DATA FOR PROCESSING:
Lemma continuous_rat_eq0 (R : realType) (phi : R -> R) : continuous phi ->
  (forall K : nat, (0 < K)%N -> forall z : int, phi (z%:~R / K%:R) = 0) -> phi = fun _ => 0.
Proof.
move=> cphi hz; apply/funext => x; apply/eqP; apply: contraT => nz.
have e0 : 0 < `|phi x| by rewrite normr_gt0.
have := cphi x; move/fcvgrPdist_lt/(_ _ e0) => /nbhs_ballP [d /= d0 Hd].
pose k : R := (Num.truncn d^-1).+1%:R.
have hk : d^-1 < k by apply: truncnS_gt.
have k0 : 0 < k by rewrite ltr0n.
pose z := Num.floor (x * k).
have [h1 h2] : z%:~R <= x * k /\ x * k < z%:~R + 1.
  by have /andP [a b] := floor_itv (x * k); split => //; rewrite intrD in b.
have hb : ball x d (z%:~R / k).
  rewrite -ball_normE /ball_ /= ger0_norm; last by rewrite subr_ge0 ler_pdivrMr.
  have -> : x - z%:~R / k = (x * k - z%:~R) / k by field; rewrite gt_eqF.
  rewrite ltr_pdivrMr //; have : 1 < d * k by rewrite -(mulfV (lt0r_neq0 d0)) ltr_pM2l.
  lra.
by have := Hd _ hb; rewrite /= hz // subr0 ltxx.
Qed.

(* Subtracting the interpolation polynomial on the nodes (j / K), the
   difference vanishes on N consecutive nodes, hence on all of Z / K. *)
Lemma continuous_diffn_eq0 (R : realType) N (phi : R -> R) : continuous phi ->
  (forall t, 0 < t -> diffn N t phi = fun _ => 0) ->
  (forall i, (i < N)%N -> phi i%:R = 0) -> phi = fun _ => 0.
Proof.
move=> cphi hD hz; apply: continuous_rat_eq0 => // K K0 z.
have t0 : 0 < K%:R^-1 :> R by rewrite invr_gt0 ltr0n.
set t := K%:R^-1 in t0 *; pose Q := interp N t phi.
pose psi x := phi x - Q.[x].
have psi_diffn : diffn N t psi = fun _ => 0.
  by rewrite diffn_sub hD // diffn_horner_eq0 ?size_interp //; apply/funext => x; rewrite subr0.
have psi_int : forall z : int, psi (t *~ z) = 0.
  apply: diffn_eq0_int_zeros psi_diffn _ => i iN.
  by rewrite /psi -mulr_natl (interp_node (lt0r_neq0 t0) phi (Ordinal iN)) subrr.
have Q0 : Q = 0.
  apply: poly_nat_roots_eq0 (size_interp _ _ _) _ => i iN.
  have := psi_int (i * K)%N; rewrite /psi -mulrzr -[_%:~R]/((i * K)%N%:R) natrM.
  rewrite mulrCA /t mulVf ?pnatr_eq0 -?lt0n // mulr1 hz // sub0r.
  by move=> /eqP; rewrite oppr_eq0 => /eqP.
by have := psi_int z; rewrite /psi Q0 horner0 subr0 -mulrzr mulrC.
Qed.

Lemma diffn_line (R : comNzRingType) (U : lmodType R) (F : U -> R) (x0 e : U) N (t : R) :
  diffn N t (fun s => F (x0 + s *: e)) = fun s => diffn N (t *: e) F (x0 + s *: e).
Proof.
apply/funext => s; rewrite !diffn_polyshift; apply: eq_bigr => i _.
by rewrite scalerDl addrA scalerMnl.
Qed.

Section TensorInterpolation.
Variables (R : realType) (n N : nat).
Implicit Types (f : 'cV[R]_n -> R) (x : 'cV[R]_n) (k : 'I_n).

Definition mpoly_at_coord k (P : {poly R}) : mpoly.mpoly n R :=
  \sum_(j < size P) P`_j *: @mpoly.mpolyX n R (mpoly.mnm1 k) ^+ j.

Lemma meval_mpoly_at_coord k P (v : 'I_n -> R) :
  mpoly.meval v (mpoly_at_coord k P) = P.[v k].
Proof.
rewrite /mpoly_at_coord rmorph_sum horner_coef; apply: eq_bigr => j _.
by rewrite /= mpoly.mevalZ rmorphXn /= mpoly.mevalXU.
Qed.

Definition grid_pt (a : {ffun 'I_n -> 'I_N}) : 'cV[R]_n := \col_k (a k)%:R.

Definition tensor_interp f x : R :=
  \sum_(a : {ffun 'I_n -> 'I_N}) f (grid_pt a) * \prod_k (lagrange 1 (a k)).[x k 0].

Lemma tensor_interp_polynomial f : is_polynomial_fun (tensor_interp f).
Proof.
exists (\sum_(a : {ffun 'I_n -> 'I_N})
  f (grid_pt a) *: \prod_k mpoly_at_coord k (lagrange 1 (a k))).
move=> x; rewrite rmorph_sum; apply: eq_bigr => a _; rewrite /= mpoly.mevalZ rmorph_prod.
by congr (_ * _); apply: eq_bigr => k _; rewrite /= meval_mpoly_at_coord.
Qed.

Lemma lagrange1_node (i j : 'I_N) : (lagrange (1 : R) i).[j%:R] = (i == j)%:R.
Proof. by rewrite -[j%:R]mulr1 lagrange_node ?oner_neq0. Qed.

Lemma tensor_interp_grid f a : tensor_interp f (grid_pt a) = f (grid_pt a).
Proof.
rewrite /tensor_interp (bigD1 a) //= [X in _ + X]big1 ?addr0 => [|b ba].
  by rewrite big1 ?mulr1 // => k _; rewrite mxE lagrange1_node eqxx.
have [k bk] : exists k, b k != a k.
  apply/existsP; rewrite -negb_forall; apply: contra ba => /forallP h.
  by apply/eqP/ffunP => k; apply/eqP.
by rewrite (bigD1 k) //= mxE lagrange1_node (negbTE bk) mul0r mulr0.
Qed.

Definition set_coord x k (s : R) : 'cV[R]_n := \col_j (if j == k then s else x j 0).

Lemma set_coordE x k s : set_coord x k s = set_coord x k 0 + s *: delta_mx k 0.
Proof.
apply/matrixP => j i; rewrite !mxE (ord1 i) /= eqxx andbT.
by case: eqP => _; rewrite ?mulr1 ?mulr0 ?addr0 ?add0r.
Qed.

Lemma set_coord_id x k : set_coord x k (x k 0) = x.
Proof. by apply/matrixP => j i; rewrite !mxE (ord1 i); case: eqP => // ->. Qed.

Lemma tensor_interp_set_coord f x k : exists2 Q : {poly R}, (size Q <= N)%N &
  forall s, tensor_interp f (set_coord x k s) = Q.[s].
Proof.
exists (\sum_(a : {ffun 'I_n -> 'I_N})
  (f (grid_pt a) * \prod_(j < n | j != k) (lagrange 1 (a j)).[x j 0]) *: lagrange 1 (a k)).
  apply: (big_ind (fun P : {poly R} => (size P <= N)%N)) => [|P Q sP sQ|a _].
  - by rewrite size_poly0.
  - by rewrite (leq_trans (size_polyD _ _)) // geq_max sP sQ.
  - by rewrite (leq_trans (size_scale_leq _ _)) // size_lagrange.
move=> s; rewrite /tensor_interp horner_sum; apply: eq_bigr => a _.
rewrite hornerZ (bigD1 k) //= mxE eqxx -mulrA; congr (_ * _).
by rewrite mulrC; congr (_ * _); apply: eq_bigr => j jk; rewrite mxE (negbTE jk).
Qed.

THE PROBLEM: Wherever a line in the entries holds "Definition", copy that line.

SOLUTION FOR THIS PROBLEM:
Definition mpoly_at_coord k (P : {poly R}) : mpoly.mpoly n R :=
Definition grid_pt (a : {ffun 'I_n -> 'I_N}) : 'cV[R]_n := \col_k (a k)%:R.
Definition tensor_interp f x : R :=
Definition set_coord x k (s : R) : 'cV[R]_n := \col_j (if j == k then s else x j 0).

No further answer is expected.